■ Work to complete: Return each entry exactly, so that nothing in the data differs from the original.

:::

(* For an integer $k\ge 1$ let $\Gamma_k$ be the $k\times k$ grid graph (on $n=k^2$ vertices), and for an integer $n\ge 1$ let $S_n$ be the star on $n$ vertices (one center adjacent to $n-1$ leaves, no other edges). For $\rho>0$ let $\mathrm{HUDG}(\rho)$ be the class of graphs realizable as hyperbolic uniform disk graphs with radius $\rho$. Then: (i) $\Gamma_k\in\mathrm{HUDG}(1/n^3)$ for all $k$, where $n=k^2$; (ii) $S_n\notin\mathrm{HUDG}(1/n^3)$ for all $n\ge 8$; (iii) $\Gamma_k\notin\mathrm{HUDG}(\log n)$ for all $k\ge 5$, where $n=k^2$; (iv) $S_n\in\mathrm{HUDG}(\log n)$ for all $n$. Here $\log$ is the natural logarithm.
   Context: $\mathbb{H}^2$ denotes the hyperbolic plane of Gaussian curvature $-1$. A graph is a hyperbolic uniform disk graph with radius $\rho$ if it is isomorphic to the intersection graph of a finite family of closed hyperbolic disks of radius $\rho$ in $\mathbb{H}^2$, i.e., there are points (centers) assigned injectively to its vertices such that two vertices are adjacent iff their centers have hyperbolic distance at most $2\rho$. *)

From Stdlib Require Import Reals Lra Lia.
Open Scope R_scope.

(* Model of H^2 (curvature -1): the Poincare upper half-plane. *)
Definition hpoint : Type := { p : R * R | 0 < snd p }.

Definition arcosh (u : R) : R := ln (u + sqrt (u * u - 1)).

Definition hdist (p q : hpoint) : R :=
  let '(x1, y1) := proj1_sig p in
  let '(x2, y2) := proj1_sig q in
  arcosh (1 + ((x1 - x2) ^ 2 + (y1 - y2) ^ 2) / (2 * y1 * y2)).

Definition HUDG (rho : R) (V : Type) (adj : V -> V -> Prop) : Prop :=
  exists f : V -> hpoint,
    (forall u v, f u = f v -> u = v) /\
    (forall u v, u <> v -> (adj u v <-> hdist (f u) (f v) <= 2 * rho)).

:::

■ Written solution:
(* For an integer $k\ge 1$ let $\Gamma_k$ be the $k\times k$ grid graph (on $n=k^2$ vertices), and for an integer $n\ge 1$ let $S_n$ be the star on $n$ vertices (one center adjacent to $n-1$ leaves, no other edges). For $\rho>0$ let $\mathrm{HUDG}(\rho)$ be the class of graphs realizable as hyperbolic uniform disk graphs with radius $\rho$. Then: (i) $\Gamma_k\in\mathrm{HUDG}(1/n^3)$ for all $k$, where $n=k^2$; (ii) $S_n\notin\mathrm{HUDG}(1/n^3)$ for all $n\ge 8$; (iii) $\Gamma_k\notin\mathrm{HUDG}(\log n)$ for all $k\ge 5$, where $n=k^2$; (iv) $S_n\in\mathrm{HUDG}(\log n)$ for all $n$. Here $\log$ is the natural logarithm.
   Context: $\mathbb{H}^2$ denotes the hyperbolic plane of Gaussian curvature $-1$. A graph is a hyperbolic uniform disk graph with radius $\rho$ if it is isomorphic to the intersection graph of a finite family of closed hyperbolic disks of radius $\rho$ in $\mathbb{H}^2$, i.e., there are points (centers) assigned injectively to its vertices such that two vertices are adjacent iff their centers have hyperbolic distance at most $2\rho$. *)

From Stdlib Require Import Reals Lra Lia.
Open Scope R_scope.

(* Model of H^2 (curvature -1): the Poincare upper half-plane. *)
Definition hpoint : Type := { p : R * R | 0 < snd p }.

Definition arcosh (u : R) : R := ln (u + sqrt (u * u - 1)).

Definition hdist (p q : hpoint) : R :=
  let '(x1, y1) := proj1_sig p in
  let '(x2, y2) := proj1_sig q in
  arcosh (1 + ((x1 - x2) ^ 2 + (y1 - y2) ^ 2) / (2 * y1 * y2)).

Definition HUDG (rho : R) (V : Type) (adj : V -> V -> Prop) : Prop :=
  exists f : V -> hpoint,
    (forall u v, f u = f v -> u = v) /\
    (forall u v, u <> v -> (adj u v <-> hdist (f u) (f v) <= 2 * rho)).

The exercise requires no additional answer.